When the exponent value is 0, that is 0000 0000, if the decimal part is divided into 0, then the number is ±0 (plus or minus by the sign bit);

When the exponent value is 255, which is 1111 1111, if the fractional part is zero, then the number is ±∞ (plus or minus is determined by the sign bit);

When the exponent value is 255, or 1111 1111, if the fractional part is nonzero, the number is represented as not a number (not a digit).

The above is the part of the float, double the same, but double with the IEEE 754 double precision standard, using 64 bits of storage, where the 2~12 11 bits is the digit, the 13~64 52 bits is the decimal place.

References:

IEEE 754-wiki
https://zh.wikipedia.org/zh-cn/IEEE_754

Floating-point number-wiki
Https://zh.wikipedia.org/zh-cn/%E6%B5%AE%E7%82%B9%E6%95%B0

How to understand the requirements of the IEEE 754 standard for float values and double values in Java

Related Article

Contact Us

The content source of this page is from Internet, which doesn't represent Alibaba Cloud's opinion; products and services mentioned on that page don't have any relationship with Alibaba Cloud. If the content of the page makes you feel confusing, please write us an email, we will handle the problem within 5 days after receiving your email.

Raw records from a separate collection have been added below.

(* Let $d\ge 3$ be odd, $n=\frac{d^2+1}{2}$, and consider the $[[d^2+1,2,d]]$ generalized bicycle code defined by $a(x)=1+x$, $b(x)=1+x^d$. If all syndrome extractions are performed using the RL pattern, the effective distance of the code is $d$.
   Context: $R_n=\mathbb{F}_2[x]/\langle x^n-1\rangle$, vectors of $\mathbb{F}_2^{2n}$ are pairs $(u,v)$ of elements of $R_n$ (left half, right half), weight = number of nonzero coefficients. Code spaces: $C_2=\{(c(1+x),c(1+x^d))\}$ (X-stabilizers), $C_1=\{(u,v):u(1+x^d)+v(1+x)=0\}$, $C_2'=\{(c(1+x^{-d}),c(1+x^{-1}))\}$ (Z-stabilizers), $C_1'=\{(u,v):u(1+x^{-1})+v(1+x^{-d})=0\}$, $x^{-1}=x^{n-1}$; undetectable X- (resp. Z-) logical errors are elements of $C_1\setminus C_2$ (resp. $C_1'\setminus C_2'$). Each check $x^i(1+x,1+x^d)$ (left qubits $i,i+1$; right qubits $i,i+d$) and $x^i(1+x^{-d},1+x^{-1})$ is measured with one ancilla via four CNOTs. In the RL pattern the ancilla first interacts with the check's two right-half qubits and then with its two left-half qubits, so a single ancilla fault between the two halves propagates to errors of the check's type on its two left-half qubits, i.e. $(x^i(1+x),0)$ for X-checks and $(x^i(1+x^{-d}),0)$ for Z-checks; any other single ancilla fault is equivalent to at most one data-qubit error. The effective distance is the minimum number of faults producing an undetectable logical error, namely the minimum of $\mathrm{wt}(j)+\mathrm{wt}(u)+\mathrm{wt}(v)$ over $j,u,v\in R_n$ with $(u+j(x)(1+x),v)\in C_1\setminus C_2$ or $(u+j(x)(1+x^{-d}),v)\in C_1'\setminus C_2'$. *)

(* R_n = F_2[x]/<x^n - 1> is represented by polynomials in
   {poly 'F_2}; two polynomials denote the same element of R_n iff
   x^n - 1 divides their difference. *)
From HB Require Import structures.
From mathcomp Require Import all_boot all_order all_algebra.
Set Implicit Arguments. Unset Strict Implicit. Unset Printing Implicit Defensive.
Import GRing.Theory.
Local Open Scope ring_scope.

If you find any instances of plagiarism from the community, please send an email to: info-contact@alibabacloud.com and provide relevant evidence. A staff member will contact you within 5 working days.

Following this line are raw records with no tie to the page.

Lemma det_band_minor_strip_hook r x s :
  is_partition (x :: s) -> size s = r -> x = r.+1 + e ->
  (\det (band_minor r.+1 (x :: s)) = \det (band_minor r (strip_hook (x :: s))))%R.
Proof.
move=> lamP size_s x_eq; subst x.
have colrE (i : 'I_r.+1) :
    band_minor r.+1 (r.+1 + e :: s) i ord_max = band_entry r.+1 i.+1 (r.+1 + e + r).
  by rewrite mxE /Icol subSnn.
rewrite (expand_det_col1 (i0 := ord_max) (j := ord_max)) => [|i]; last first.
  rewrite -val_eqE /= colrE => i_neq_r.
  by have lt_i_r1 := ltn_ord i; apply: band_entry_eq0; apply/eqP; lia.
have entry1 : band_entry r.+1 r.+1 (r.+1 + e + r) = 1%R.
  by rewrite /band_entry ifN_eq ?ifT //; apply/eqP; lia.
rewrite colrE /cofactor (band_minor_drop_last_col lamP size_s) /= entry1.
by rewrite addnn -signr_odd odd_double !mul1r.
Qed.

Lemma det_band_minor_short_first_part r lam : is_partition lam -> size lam = r.+1 ->
  part lam 1 <= r + e -> (\det (band_minor r.+1 lam) = 0)%R.
Proof.
move=> lamP size_lam le_lam1; apply: (det_row_eq0 (i := ord_max)) => j; rewrite mxE /Icol.
have lt_j_r1 := ltn_ord j.
have lamj_gt0 : 0 < part lam (r.+1 - j) by apply: part_gt0 => //; lia.
have lamj_le : part lam (r.+1 - j) <= part lam 1 by apply: part_le_part1; lia.
by rewrite /=; apply: band_entry_eq0; apply/eqP; lia.
Qed.

Lemma det_band_minor_long_first_part r lam : 0 < r -> part lam 1 = r.+1 + e ->
  (\det (band_minor r lam) = 0)%R.
Proof.
case: r => // r _ lam1; apply: (det_col_eq0 (j := ord_max)) => i.
rewrite mxE /Icol subSnn lam1; have lt_i_r1 := ltn_ord i.
by rewrite /=; apply: band_entry_eq0; apply/eqP; lia.
Qed.

Definition sign_exp lam := (sumn lam + (if e then 0 else durfee lam)) %/ 2.

Lemma sign_exp_strip_hook x s : is_partition (x :: s) -> x = (size s).+1 + e ->
  sign_exp (x :: s) = sign_exp (strip_hook (x :: s)) + (size s).+1.
Proof.
move=> lamP x_eq; rewrite /sign_exp sumn_strip_hook // durfee_strip_hook // x_eq.
by case: e {x_eq lamP}; lia.
Qed.

Lemma det_band_minor r lam : is_partition lam -> size lam <= r -> part lam 1 <= r + e ->
  (\det (band_minor r lam) =
     if frob_eqs e lam then (-1) ^+ ('C(r.+1, 2) + sign_exp lam) else 0)%R.
Proof.
elim: r lam => [|r IHr] lam lamP le_lam_r le_lam1.
  by case: lam lamP le_lam_r le_lam1 => // _ _ _; rewrite det_mx00 /sign_exp; case: e.
have binS2 : 'C(r.+2, 2) = 'C(r.+1, 2) + r.+1 by rewrite binS bin1.
case: lam lamP le_lam_r le_lam1 => [|x s] lamP le_lam_r le_lam1.
  by rewrite det_band_minor_zero_part // IHr //= -exprD binS2 addnCA addnA.
have frob_x := frob_eqs_cons e lamP; rewrite /part /= in le_lam1.
have [lt_s_r|le_r_s] := ltnP (size s) r.
  rewrite det_band_minor_zero_part //; have [le_x|lt_x] := leqP x (r + e).
    rewrite IHr //; case: ifP => _; last by rewrite mulr0.
    by rewrite -exprD binS2 addnCA addnA.
  have lam1 : part (x :: s) 1 = r.+1 + e by rewrite /part /=; lia.
  rewrite det_band_minor_long_first_part ?mulr0 //; last by lia.
  by rewrite frob_x ifF //; apply/andP => -[/eqP]; lia.
have size_s : size s = r by move: le_lam_r => /=; lia.
have [le_x|lt_x] := leqP x (r + e).
  rewrite det_band_minor_short_first_part //=; last by rewrite size_s.
  by rewrite frob_x ifF //; apply/andP => -[/eqP]; lia.
have x_eq : x = r.+1 + e by lia.
rewrite det_band_minor_strip_hook // IHr; first last.
- rewrite (part_strip_hook lamP) //; have := part_le_part1 lamP (isT : 0 < 2).
  by rewrite /part /=; lia.
- by have := size_strip_hook (x :: s); rewrite /= size_s.
- exact: strip_hook_partition.
rewrite frob_x size_s -x_eq eqxx /=; case: ifP => // _.
rewrite (sign_exp_strip_hook lamP) ?size_s // binS2 addnACA addnn -mul2n.
by rewrite [in RHS]exprD exprM sqrrN !expr1n mulr1.
Qed.

End BandMinor.

Lemma Delta_Bmx r lam : Delta (Bmx r) lam = band_minor false r lam.
Proof.
apply/matrixP => i j; rewrite !mxE; case: insubP => [c _ <-|].
  by rewrite mxE /Bentry /band_entry addn0.
by rewrite -leqNgt => le_c; rewrite band_entry_out ?addn0 // ltn_ord.
Qed.

Lemma Delta_Cmx r lam : Delta (Cmx r) lam = band_minor true r lam.
Proof.
apply/matrixP => i j; rewrite !mxE; case: insubP => [c _ <-|].
  rewrite mxE /Centry /band_entry.
  by have -> : r - 1 + i.+1 + true = r + i.+1 by have := ltn_ord i; rewrite addn1; lia.
by rewrite -leqNgt => le_c; rewrite band_entry_out ?addn1 // ltn_ord.
Qed.

Theorem mainTheorem6 (r : nat) (hr : (1 <= r)%N) :
  (forall lam : seq nat, is_partition lam -> (size lam <= r)%N -> (part lam 1 <= r)%N ->
     (\det (Delta (Bmx r) lam))%R =
       (if inR r lam then (-1) ^+ ('C(r.+1, 2) + (sumn lam + durfee lam) %/ 2)
        else 0)%R)
  /\
  (forall lam : seq nat, is_partition lam -> (size lam <= r)%N -> (part lam 1 <= r.+1)%N ->
     (\det (Delta (Cmx r) lam))%R =
       (if inQ r lam then (-1) ^+ ('C(r.+1, 2) + sumn lam %/ 2) else 0)%R).
Proof.
split=> lam lamP le_lam_r le_lam1.
  rewrite Delta_Bmx det_band_minor ?addn0 // /inR le_lam_r.
  by congr (if _ then _ else _); apply: eq_all => i; rewrite /frob_eq addn0.
rewrite Delta_Cmx det_band_minor ?addn1 // /inQ le_lam_r /sign_exp addn0.
by congr (if _ then _ else _); apply: eq_all => i; rewrite /frob_eq addn1.
Qed.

A Free Trial That Lets You Build Big!

Start building with 50+ products and up to 12 months usage for Elastic Compute Service

  • Sales Support

    1 on 1 presale consultation

  • After-Sales Support

    24/7 Technical Support 6 Free Tickets per Quarter Faster Response

  • Alibaba Cloud offers highly flexible support services tailored to meet your exact needs.